■ **TASK**:
Repeat the records below exactly, line for line.

■ **DATA FOR THIS TASK**:
(* Let $d \geq 1$ and let $\mathbb{P}$ be a probability measure on $\Omega = \mathbb{R}^{\mathcal{E}^d}$ satisfying assumptions A1 and A2 below. For $x \in \mathbb{Z}^d$, let $C_x$ be the subgraph of the directed nearest neighbor graph $\mathcal{N}_D$ induced by the vertices $y$ such that $y \to x$ in $\mathcal{N}_D$. Then $\mathbb{P}$-almost surely, $C_x$ is finite for all $x \in \mathbb{Z}^d$.
   Context: $\mathcal{E}^d$ is the set of nearest-neighbor edges $\{x,y\}$ ($\|x-y\|_1=1$) of $\mathbb{Z}^d$. $\Omega=\mathbb{R}^{\mathcal{E}^d}$ carries the product Borel sigma-algebra; $\omega\in\Omega$ assigns a weight $\omega(e)$ to each edge. Assumption A1 (translation invariance): for every $z\in\mathbb{Z}^d$, $\mathbb{P}=\mathbb{P}\circ T_z^{-1}$, where $(T_z\omega)(e)=\omega(e+z)$ and $e+z=\{x+z,y+z\}$ for $e=\{x,y\}$. Assumption A2: for any distinct $e,f\in\mathcal{E}^d$, $\mathbb{P}(\omega(e)=\omega(f))=0$. The directed nearest neighbor graph $\mathcal{N}_D$ has vertex set $\mathbb{Z}^d$ and directed edges $\langle x,y\rangle$ for all $\{x,y\}\in\mathcal{E}^d$ with $\omega(\{x,y\})\le\omega(\{x,z\})$ for all $z$ with $\{x,z\}\in\mathcal{E}^d$ (each vertex points to the neighbor(s) minimizing the weight). For vertices $x,y$ of a directed graph, $x\to y$ means there is a directed path from $x$ to $y$; by convention $x\to x$. *)

From HB Require Import structures.
From mathcomp Require Import all_boot all_order all_algebra.
From mathcomp Require Import all_classical all_reals all_analysis.
Set Implicit Arguments. Unset Strict Implicit. Unset Printing Implicit Defensive.
Import Order.TTheory GRing.Theory Num.Theory.
Local Open Scope ring_scope.
Local Open Scope classical_set_scope.

Definition Zd (d : nat) := 'rV[int]_d.

Definition unitv (d : nat) (i : 'I_d) : Zd d := delta_mx 0 i.

(* Nearest-neighbour edges of Z^d: the pair (x, i) encodes the edge
   {x, x + e_i}; this is a bijection onto E^d. *)
Definition Edge (d : nat) := (Zd d * 'I_d)%type.

Definition Config (R : realType) (d : nat) := Edge d -> R.
HB.instance Definition _ (R : realType) (d : nat) := gen_eqMixin (Config R d).
HB.instance Definition _ (R : realType) (d : nat) := gen_choiceMixin (Config R d).
HB.instance Definition _ (R : realType) (d : nat) :=
  isPointed.Build (Config R d) (fun _ => 0).

(* Generators of the product Borel sigma-algebra: cylinder sets
   {omega | omega(e) in B}, B Borel. *)
Definition cyl_sets (R : realType) (d : nat) : set (set (Config R d)) :=
  [set A | exists (e : Edge d) (B : set R), measurable B /\
                                         A = (fun w => w e) @^-1` B].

■ **RESPONSE BELOW**:
(* Let $d \geq 1$ and let $\mathbb{P}$ be a probability measure on $\Omega = \mathbb{R}^{\mathcal{E}^d}$ satisfying assumptions A1 and A2 below. For $x \in \mathbb{Z}^d$, let $C_x$ be the subgraph of the directed nearest neighbor graph $\mathcal{N}_D$ induced by the vertices $y$ such that $y \to x$ in $\mathcal{N}_D$. Then $\mathbb{P}$-almost surely, $C_x$ is finite for all $x \in \mathbb{Z}^d$.
   Context: $\mathcal{E}^d$ is the set of nearest-neighbor edges $\{x,y\}$ ($\|x-y\|_1=1$) of $\mathbb{Z}^d$. $\Omega=\mathbb{R}^{\mathcal{E}^d}$ carries the product Borel sigma-algebra; $\omega\in\Omega$ assigns a weight $\omega(e)$ to each edge. Assumption A1 (translation invariance): for every $z\in\mathbb{Z}^d$, $\mathbb{P}=\mathbb{P}\circ T_z^{-1}$, where $(T_z\omega)(e)=\omega(e+z)$ and $e+z=\{x+z,y+z\}$ for $e=\{x,y\}$. Assumption A2: for any distinct $e,f\in\mathcal{E}^d$, $\mathbb{P}(\omega(e)=\omega(f))=0$. The directed nearest neighbor graph $\mathcal{N}_D$ has vertex set $\mathbb{Z}^d$ and directed edges $\langle x,y\rangle$ for all $\{x,y\}\in\mathcal{E}^d$ with $\omega(\{x,y\})\le\omega(\{x,z\})$ for all $z$ with $\{x,z\}\in\mathcal{E}^d$ (each vertex points to the neighbor(s) minimizing the weight). For vertices $x,y$ of a directed graph, $x\to y$ means there is a directed path from $x$ to $y$; by convention $x\to x$. *)

From HB Require Import structures.
From mathcomp Require Import all_boot all_order all_algebra.
From mathcomp Require Import all_classical all_reals all_analysis.
Set Implicit Arguments. Unset Strict Implicit. Unset Printing Implicit Defensive.
Import Order.TTheory GRing.Theory Num.Theory.
Local Open Scope ring_scope.
Local Open Scope classical_set_scope.

Definition Zd (d : nat) := 'rV[int]_d.

Definition unitv (d : nat) (i : 'I_d) : Zd d := delta_mx 0 i.

(* Nearest-neighbour edges of Z^d: the pair (x, i) encodes the edge
   {x, x + e_i}; this is a bijection onto E^d. *)
Definition Edge (d : nat) := (Zd d * 'I_d)%type.

Definition Config (R : realType) (d : nat) := Edge d -> R.
HB.instance Definition _ (R : realType) (d : nat) := gen_eqMixin (Config R d).
HB.instance Definition _ (R : realType) (d : nat) := gen_choiceMixin (Config R d).
HB.instance Definition _ (R : realType) (d : nat) :=
  isPointed.Build (Config R d) (fun _ => 0).

(* Generators of the product Borel sigma-algebra: cylinder sets
   {omega | omega(e) in B}, B Borel. *)
Definition cyl_sets (R : realType) (d : nat) : set (set (Config R d)) :=
  [set A | exists (e : Edge d) (B : set R), measurable B /\
                                         A = (fun w => w e) @^-1` B].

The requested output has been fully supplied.